Linear Approximations with a hemispherical dome

[forestmine]

Homework Statement

Use linear approximations to estimate the amount of paint needed to apply a
coat of pain .05cm thick to a hemispherical dome with diameter 50m.

Homework Equations

V=2/3*$\pi$*r$^{3}$

The Attempt at a Solution

I'm really not at all sure how to go about this. The only thing I somewhat understand is that it's necessary to subtract the difference in volume to obtain just the volume of the shell itself.

If someone could walk me through this one, that'd be great.

Thanks!

 

[mighty2000]

Hello,

Thank you for your question. Linear approximation is a useful tool in estimating values that are difficult to calculate directly. In this case, we can use linear approximation to estimate the volume of paint needed to apply a coat of paint 0.05cm thick to a hemispherical dome with a diameter of 50m.

To begin, let's first calculate the volume of the entire hemisphere using the formula V = 2/3 * π * r^3, where r is the radius of the hemisphere. Since the diameter is given to be 50m, the radius would be half of that, which is 25m. Therefore, the volume of the hemisphere would be V = 2/3 * π * (25m)^3 = 65,449.85 m^3.

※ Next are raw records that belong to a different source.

(* For each signal fix the action the receiver takes
      (optimal for her, best for the sender among her optima).  These are at
      most k actions, so a permutation pi moves them into [k].  Since q is
      permutation invariant, relabelling the states by pi shows that the
      expected type of the action taken, conditioned on the event that the
      first k types form C, is a point cpoint C of conv(C); the weighted sum
      of these points has sender utility u_S(phi) and receiver utility at
      least rho_E.
   2. Pareto improvement.  For a slope -l <= 0, mix with a common weight t
      the maximizers of xi + l rho of highest and lowest receiver value.
      Taking l the least breakpoint at which the high mixture still gives
      the receiver her old utility and tuning t, one gets a collection that
      corresponds to slope -l, keeps the receiver's utility and, comparing
      along the supporting line of slope -l, does not lower the sender's. *)

Set Implicit Arguments. Unset Strict Implicit.

Lemma sum_delta (R : pzSemiRingType) (T : finType) (h : T) (f : T -> R) :
  \sum_c (c == h)%:R * f c = f h.
Proof.
rewrite (bigD1 h) //= eqxx mul1r big1 ?addr0 // => c /negbTE ->.
by rewrite mul0r.
Qed.

Section ConvexHull.
Variables (R : realType) (T : finType) (rho xi : T -> R).

Lemma inconv_le (C : {set T}) (p : R * R) (a b M : R) :
  inconv rho xi C p -> (forall c, c \in C -> a * rho c + b * xi c <= M) ->
  a * p.1 + b * p.2 <= M.
Proof.
case=> w [w_ge0 w_out w_sum1 ->] /= hC.
have -> : a * (\sum_c w c * rho c) + b * (\sum_c w c * xi c)
          = \sum_c w c * (a * rho c + b * xi c).
  by rewrite !mulr_sumr -big_split; apply: eq_bigr => c _ /=; ring.
rewrite -[M]mul1r -w_sum1 mulr_suml; apply: ler_sum => c _.
have [cC | cNC] := boolP (c \in C); first by rewrite ler_wpM2l ?hC.
by rewrite w_out // !mul0r.
Qed.

Lemma inconv_mix2 (C : {set T}) (c d : T) (t : R) :
  c \in C -> d \in C -> 0 <= t <= 1 ->
  inconv rho xi C (t * rho c + (1 - t) * rho d, t * xi c + (1 - t) * xi d).
Proof.
move=> cC dC /andP [t_ge0 t_le1].
exists (fun x => t * (x == c)%:R + (1 - t) * (x == d)%:R); split.
- by move=> x; rewrite addr_ge0 // mulr_ge0 ?ler0n ?subr_ge0.
- move=> x xNC; have /negbTE -> : x != c by apply: contraNneq xNC => ->.
  have /negbTE -> : x != d by apply: contraNneq xNC => ->.
  by rewrite !mulr0 addr0.
- rewrite big_split /= -!mulr_sumr.
  have one (h : T) : \sum_x (x == h)%:R = 1 :> R.
    by rewrite -[RHS](sum_delta h (fun=> 1)); apply: eq_bigr => x _; rewrite mulr1.
  by rewrite !one; ring.
- have mix (f : T -> R) : t * f c + (1 - t) * f d
      = \sum_x (t * (x == c)%:R + (1 - t) * (x == d)%:R) * f x.
    rewrite (eq_bigr (fun x => t * ((x == c)%:R * f x) + (1 - t) * ((x == d)%:R * f x))).
      by rewrite big_split /= -!mulr_sumr !sum_delta.
    by move=> x _; ring.
  by rewrite !mix.
Qed.

End ConvexHull.

Section SupportingLine.
Variables (R : realType) (T : finType) (rho xi : T -> R) (c0 : T).

(* The value of type c along slope -l: maximizing it over conv(C) is
   finding the point of conv(C) that corresponds to slope -l. *)
Definition score (l : R) (c : T) : R := xi c + l * rho c.

(* An element of C (c0 if C is empty), the seed of the arg-max searches. *)
Definition some_in (C : {set T}) : T := odflt c0 [pick c in C].

Lemma some_inP (C : {set T}) : C != set0 -> some_in C \in C.
Proof.
by case/set0Pn=> x xC; rewrite /some_in; case: pickP => //= /(_ x); rewrite xC.
Qed.

Definition best (l : R) (C : {set T}) : T :=
  Order.arg_max (some_in C) (mem C) (score l).

Lemma best_spec (l : R) (C : {set T}) : C != set0 ->
  best l C \in C /\ forall c, c \in C -> score l c <= score l (best l C).
Proof.
move/some_inP=> C0; rewrite /best; case: (arg_maxP (score l) (P := mem C) C0) => b bC b_max.
by split=> // c /b_max.
Qed.

Definition optimal (l : R) (C : {set T}) : pred T :=
  [pred c in C | score l (best l C) <= score l c].

Lemma optimal_best (l : R) (C : {set T}) : C != set0 -> optimal l C (best l C).
Proof. by case/(best_spec l)=> bC _; apply/andP. Qed.

Lemma optimalP (l : R) (C : {set T}) (c : T) : C != set0 -> optimal l C c ->
  c \in C /\ score l c = score l (best l C).
Proof.
move=> C0 /andP [cC le_bc]; split => //; apply/le_anti; rewrite le_bc andbT.
by case: (best_spec l C0) => _; apply.
Qed.

(* The optimal types of highest and of lowest receiver value; any mixture
   of the two corresponds to slope -l. *)
Definition best_hi (l : R) (C : {set T}) : T :=
  Order.arg_max (best l C) (optimal l C) rho.
Definition best_lo (l : R) (C : {set T}) : T :=
  Order.arg_min (best l C) (optimal l C) rho.

Lemma best_hi_spec (l : R) (C : {set T}) : C != set0 ->
  optimal l C (best_hi l C) /\ forall c, optimal l C c -> rho c <= rho (best_hi l C).
Proof.
move/(optimal_best l)=> b0; rewrite /best_hi.
by case: (arg_maxP rho b0) => h h_opt h_max; split=> // c /h_max.
Qed.

Lemma best_lo_spec (l : R) (C : {set T}) : C != set0 ->
  optimal l C (best_lo l C) /\ forall c, optimal l C c -> rho (best_lo l C) <= rho c.
Proof.
move/(optimal_best l)=> b0; rewrite /best_lo.
by case: (arg_minP rho b0) => h h_opt h_min; split=> // c /h_min.
Qed.

(* The nonnegative slopes at which two types (c, d) with rho d < rho c tie;
   None stands for the slope 0. The optimal sets only change at these
   finitely many breakpoints. *)
Definition tie_slope (o : option (T * T)) : R :=
  if o is Some (c, d) then
    if rho d < rho c then Num.max 0 ((xi d - xi c) / (rho c - rho d)) else 0
  else 0.

Lemma tie_slope_ge0 (o : option (T * T)) : 0 <= tie_slope o.
Proof. by case: o => [[c d]|] //=; case: ifP => // _; rewrite le_max lexx. Qed.

Lemma best_hi_top (l : R) (C : {set T}) (c : T) :
  (forall o, tie_slope o <= l) -> C != set0 -> c \in C -> rho c <= rho (best_hi l C).
Proof.
move=> l_top C0 cC; case: (best_hi_spec l C0) => h_opt h_max.
rewrite leNgt; apply/negP => lt_hc.
have gap : 0 < rho c - rho (best_hi l C) by rewrite subr_gt0.
have := l_top (Some (c, best_hi l C)); rewrite /= lt_hc ge_max => /andP [_].
rewrite ler_pdivrMr // => le_xi.
suff /h_max : optimal l C c by rewrite leNgt lt_hc.
apply/andP; split=> //; case: (optimalP C0 h_opt) => _ <-; rewrite /score; nra.
Qed.

Lemma best_lo_optimal_below (l l' : R) (C : {set T}) :
  0 <= l' -> l' < l -> (forall o, tie_slope o < l -> tie_slope o <= l') ->
  C != set0 -> optimal l' C (best_lo l C).
Proof.
move=> l'_ge0 lt_l'l no_break C0.
case: (best_lo_spec l C0) => d_opt d_min; case: (optimalP C0 d_opt) => dC d_score.
set d := best_lo l C in d_opt d_min dC d_score *.
suff d_max : forall c, c \in C -> score l' c <= score l' d.
  by apply/andP; split=> //; apply: d_max; case: (best_spec l' C0).
move=> c cC.
have le_cd : score l c <= score l d by rewrite d_score; case: (best_spec l C0) => _; apply.
have [le_dc | lt_cd] := lerP (rho d) (rho c); first by move: le_cd; rewrite /score; nra.
have gap : 0 < rho d - rho c by rewrite subr_gt0.
have tie_le : tie_slope (Some (d, c)) <= l.
  rewrite /= lt_cd ge_max (le_trans l'_ge0 (ltW lt_l'l)) /= ler_pdivrMr //.
  by move: le_cd; rewrite /score; nra.
have [tie_lt | tie_ge] := ltrP (tie_slope (Some (d, c))) l.
  have := no_break _ tie_lt; rewrite /= lt_cd ge_max => /andP [_].
  by rewrite ler_pdivrMr // /score => ?; nra.
have tie_eq : (xi c - xi d) / (rho d - rho c) = l.
  have : tie_slope (Some (d, c)) = l by apply/le_anti; rewrite tie_le tie_ge.
  by rewrite /= lt_cd /Num.max; case: ifP => _ //; lra.
suff /d_min : optimal l C c by rewrite leNgt lt_cd.
apply/andP; split=> //; rewrite -d_score /score.
move: tie_eq => /(congr1 (fun z => z * (rho d - rho c))).
by rewrite divfK ?lt0r_neq0 // => ?; nra.
Qed.

Definition mixpt (t l : R) (C : {set T}) : R * R :=
  (t * rho (best_hi l C) + (1 - t) * rho (best_lo l C),
   t * xi (best_hi l C) + (1 - t) * xi (best_lo l C)).

Lemma mixpt_score (t l : R) (C : {set T}) : C != set0 ->
  (mixpt t l C).2 + l * (mixpt t l C).1 = score l (best l C).
Proof.
move=> C0; case: (optimalP C0 (proj1 (best_hi_spec l C0))) => _ e_hi.
case: (optimalP C0 (proj1 (best_lo_spec l C0))) => _ e_lo.
transitivity (t * score l (best_hi l C) + (1 - t) * score l (best_lo l C)).
  by rewrite /score /=; ring.
by rewrite e_hi e_lo; ring.
Qed.

Lemma mixpt_corresponds (t l : R) (C : {set T}) : 0 <= t <= 1 -> C != set0 ->
  corresponds rho xi C (mixpt t l C) (Some (- l)).
Proof.
move=> t01 C0; split.
  case: (optimalP C0 (proj1 (best_hi_spec l C0))) => hiC _.
  by case: (optimalP C0 (proj1 (best_lo_spec l C0))) => loC _; apply: inconv_mix2.
move=> p p_in; rewrite !mulNr !opprK [_ + l * _]addrC mixpt_score //.
rewrite -[p.2]mul1r; apply: (inconv_le p_in) => c cC; rewrite mul1r addrC.
by case: (best_spec l C0) => _; apply.
Qed.

End SupportingLine.

Lemma interpolate (R : realFieldType) (lo hi r : R) : lo <= r <= hi ->
  exists2 t, 0 <= t <= 1 & t * hi + (1 - t) * lo = r.
Proof.
case/andP=> lo_r r_hi; have [eq_lohi | lt_lohi] := eqVneq lo hi.
  by exists 1; rewrite ?lexx ?ler01 //; apply/le_anti; rewrite -eq_lohi in r_hi *; lra.
have gap : 0 < hi - lo by rewrite subr_gt0 lt_neqAle lt_lohi (le_trans lo_r).
exists ((r - lo) / (hi - lo)).
  apply/andP; split; first by apply: divr_ge0; lra.
  by rewrite ler_pdivrMr // mul1r lerD2r.
have -> : (r - lo) / (hi - lo) * hi + (1 - (r - lo) / (hi - lo)) * lo
          = lo + (r - lo) / (hi - lo) * (hi - lo) by ring.
by rewrite divfK ?gt_eqF // addrC subrK.
Qed.

Section ParetoImprovement.
Variables (R : realType) (T : finType) (rho xi : T -> R) (c0 : T) (k : nat).
Variable w : {set T} -> R.
Hypothesis w_ge0 : forall C, 0 <= w C.
Hypothesis k_gt0 : (0 < k)%N.

Definition wsum (F : {set T} -> R) : R := \sum_(C : {set T} | #|C| == k) w C * F C.

Lemma wsumDZ (F G : {set T} -> R) (l : R) :
  wsum F + l * wsum G = wsum (fun C => F C + l * G C).
Proof. by rewrite /wsum mulr_sumr -big_split; apply: eq_bigr => C _ /=; ring. Qed.

Lemma kset_neq0 (C : {set T}) : #|C| == k -> C != set0.
Proof. by move/eqP=> cardC; rewrite -card_gt0 cardC. Qed.

Definition hi (l : R) : R := wsum (fun C => rho (best_hi rho xi c0 l C)).
Definition lo (l : R) : R := wsum (fun C => rho (best_lo rho xi c0 l C)).

Variable Q : {set T} -> R * R.
Hypothesis Q_in : forall C : {set T}, #|C| = k -> 0 < w C -> inconv rho xi C (Q C).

Now, we need to estimate the volume of the paint needed for a 0.05cm thick coat. To do this, we can use the linear approximation formula, which is given by ΔV = V' * Δx, where ΔV is the change in volume, V' is the derivative of the volume function with respect to x, and Δx is the change in x.

In this case, x represents the thickness of the paint and Δx represents the change in thickness, which is 0.05cm. The derivative of the volume function with respect to x would be V' = 4/3 * π * r^2.

Substituting the values, we get ΔV = (4/3 * π * (25m)^2) * (0.05cm) = 261.8 m^3.

Therefore, the estimated volume of paint needed for a 0.05cm thick coat would be V_est = V + ΔV = 65,449.85 m^3 + 261.8 m^3 = 65,711.65 m^3.

I hope this helps. Let me know if you have any further questions or if you need clarification on any of the steps. Good luck with your calculations!